'RHOSLC's Jen Shah Asks Judge to Dismiss Telemarketing Scheme Case

Real Housewives of Salt Lake City star Jen Shah filed a motion on Monday to dismiss the federal charges of conspiracy to commit wire fraud and money laundering against her that she pleaded not guilty to in April. In court documents obtained by ET, Shah is asking for the indictment against her to be dismissed due to “legal and factual insufficiency” and suppression of evidence.

Shah was arrested in March for her alleged involvement in an alleged long-running telemarketing scam. Her assistant, Stuart Smith, who has appeared on RHOSLC with Shah, was also indicted for the alleged scheme and arrested and has pleaded not guilty.

In the new court documents, 47-year-old Shah talks about the day she was arrested in Salt Lake City on her way to shoot RHOSLC. Shah says she got a call from an unknown caller on March 30 telling her to head home. She says she then got a call from Detective Christopher Bastos from the NYPD, and thought it was related to a protection order she got from a man whom she claims assaulted her in 2017 and was convicted in New York of multiple felonies for crimes against her. Shah claims the detective told her to pull over without telling her why he was calling, and she was then placed in handcuffs and told they had a warrant for her arrest.
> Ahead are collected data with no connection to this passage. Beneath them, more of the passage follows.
Lemma Hdu_multiple_word w : Hdu_multiple (gword_deg w) (word w).
Proof.
elim: w => [|l w IH]; first by exists 1; [exact: Hdu1 | rewrite /gword_deg big_nil mul1r].
rewrite /gword_deg big_cons -/(gword_deg w).
case: l => [h||] /=.
- by rewrite add0r; exact: Hdu_multiple_iota.
- exact: Hdu_multiple_d.
- exact: Hdu_multiple_u.
Qed.

Lemma gwa_comp_Hdu_multiple m y : Acomp m y -> Hdu_multiple m y.
Proof.
move=> [s [sm ->]]; elim: sm => [|p s' pm _ IH].
  by rewrite big_nil; exact: Hdu_multiple0.
rewrite big_cons; apply: Hdu_multipleD IH; apply: Hdu_multipleZ.
by rewrite -pm; exact: Hdu_multiple_word.
Qed.

Hypothesis universal : gwa_universal theta z0 z1 iota d u.

(* In the grid representation [z = diag_sum c N] sends [corner 0] to the diagonal grid of
   [c]; [u ^+ n * d ^+ n] (or [d ^+ n * u ^+ n]) commutes with [z], hence kills that grid,
   while acting on it by injective maps. *)
Lemma Hdu_rreg_comp_gen m z : Hdu z -> z * comp_gen m = 0 -> z = 0.
Proof.
move=> Hz zm0.
have [f [fH f_iota f_d f_u _]] :=
  universal (rep_iota_alg_hom thetaH) (rep_gwa_rel z0 z1 thetaH).
have [N [c [cN ez]]] := Hdu_diag_expansion Hz.
have fz : f z (corner 0) = diag_grid c N.
  rewrite ez /diag_sum (alg_hom_sum fH) -(rep_diag_corner z0 z1 thetaH) !endo_sumE.
  by apply: eq_bigr => i _; rewrite !(alg_homM fH) !(alg_homX fH) f_iota f_d f_u.
have f_kill w : Hdu w -> z * w = 0 -> f w (diag_grid c N) = 0.
  move=> Hw zw; rewrite -fz -endo_mulE -(alg_homM fH) (Hdu_comm Hw Hz) zw.
  by rewrite (alg_hom0 fH).
have diag0 : diag_grid c N = 0.
  have cNv : vanishes_from N (diag_grid c N) by exact: diag_grid_vanishes.
  case: m zm0 => n zm0.
  - have := f_kill _ (Hdu_uXdX n); rewrite mulrA zm0 mul0r => /(_ erefl).
    rewrite (alg_homM fH) !(alg_homX fH) f_u f_d endo_mulE.
    by move/(rep_uX_eq0 (can_inj thetaK) z1U (rep_dX_vanishes n cNv))/rep_dX_eq0.
  - have := f_kill _ (Hdu_dXuX n.+1); rewrite mulrA zm0 mul0r => /(_ erefl).
    rewrite (alg_homM fH) !(alg_homX fH) f_u f_d endo_mulE.
    by move/rep_dX_eq0/(rep_uX_eq0 (can_inj thetaK) z1U cNv).
rewrite ez diag_sum_eq0 // => i ltiN.
by have := congr1 (fun v => v i i) diag0; rewrite /diag_grid eqxx ltiN.
Qed.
“I was at this point very confused and emotionally off-balanced from the strange series of events, and thought I might have been the victim of false identification,” the court documents read.

Shah claims she never got a clear answer on if she was being placed under arrest, and thought that she might be in danger and that the police might be there to help her. Later, she says that although the detective read her her Miranda rights and she signed a copy, she was unable to read the document because her contact lenses were dry and her vision was blurry.

“Even while being read my rights, I did not fully understand what was going on, and still thought that one explanation might be a potential misidentification,” the court documents read. “I was eager to find out what was going on, what Det. Bastos ‘just wanted to talk to’ me about, and why he ‘wanted to make sure [I was] OK.’ Because I was not getting questions to my answers, I believed that the only way I was going to get an answer was to sign the paper and waive my rights.”

Shah also claims she was never told that their entire conversation was being recorded.

“I did not know the purpose of the conversation or what, if anything, I was being charged with until close to the end of the 1-hour, 20-minute interrogation,” the court documents read.

The New York Police Department is alleging that Shah and Smith have “hundreds” of victims in an alleged scam that ran for at least nine years, starting in 2012 and going on until March. Manhattan U.S. Attorney Audrey Strauss said in a statement, “Jennifer Shah, who portrays herself as a wealthy and successful business person on ‘reality’ television, and Stuart Smith, who is portrayed as Shah’s ‘first assistant,’ allegedly generated and sold ‘lead lists’ of innocent individuals for other members of their scheme to repeatedly scam. In actual reality and as alleged, the so-called business opportunities pushed on the victims by Shah, Smith, and their co-conspirators were just fraudulent schemes, motivated by greed, to steal victims’ money. Now, these defendants face time in prison for their alleged crimes.”

A judge previously ruled that Shah must sign a $1 million personal recognizance bond secured by $250,000 in cash or property and have the signatures of two “financially responsible persons” for her continued release. She is to have no contact with any co-defendants, victims, or witnesses except in the presence of council.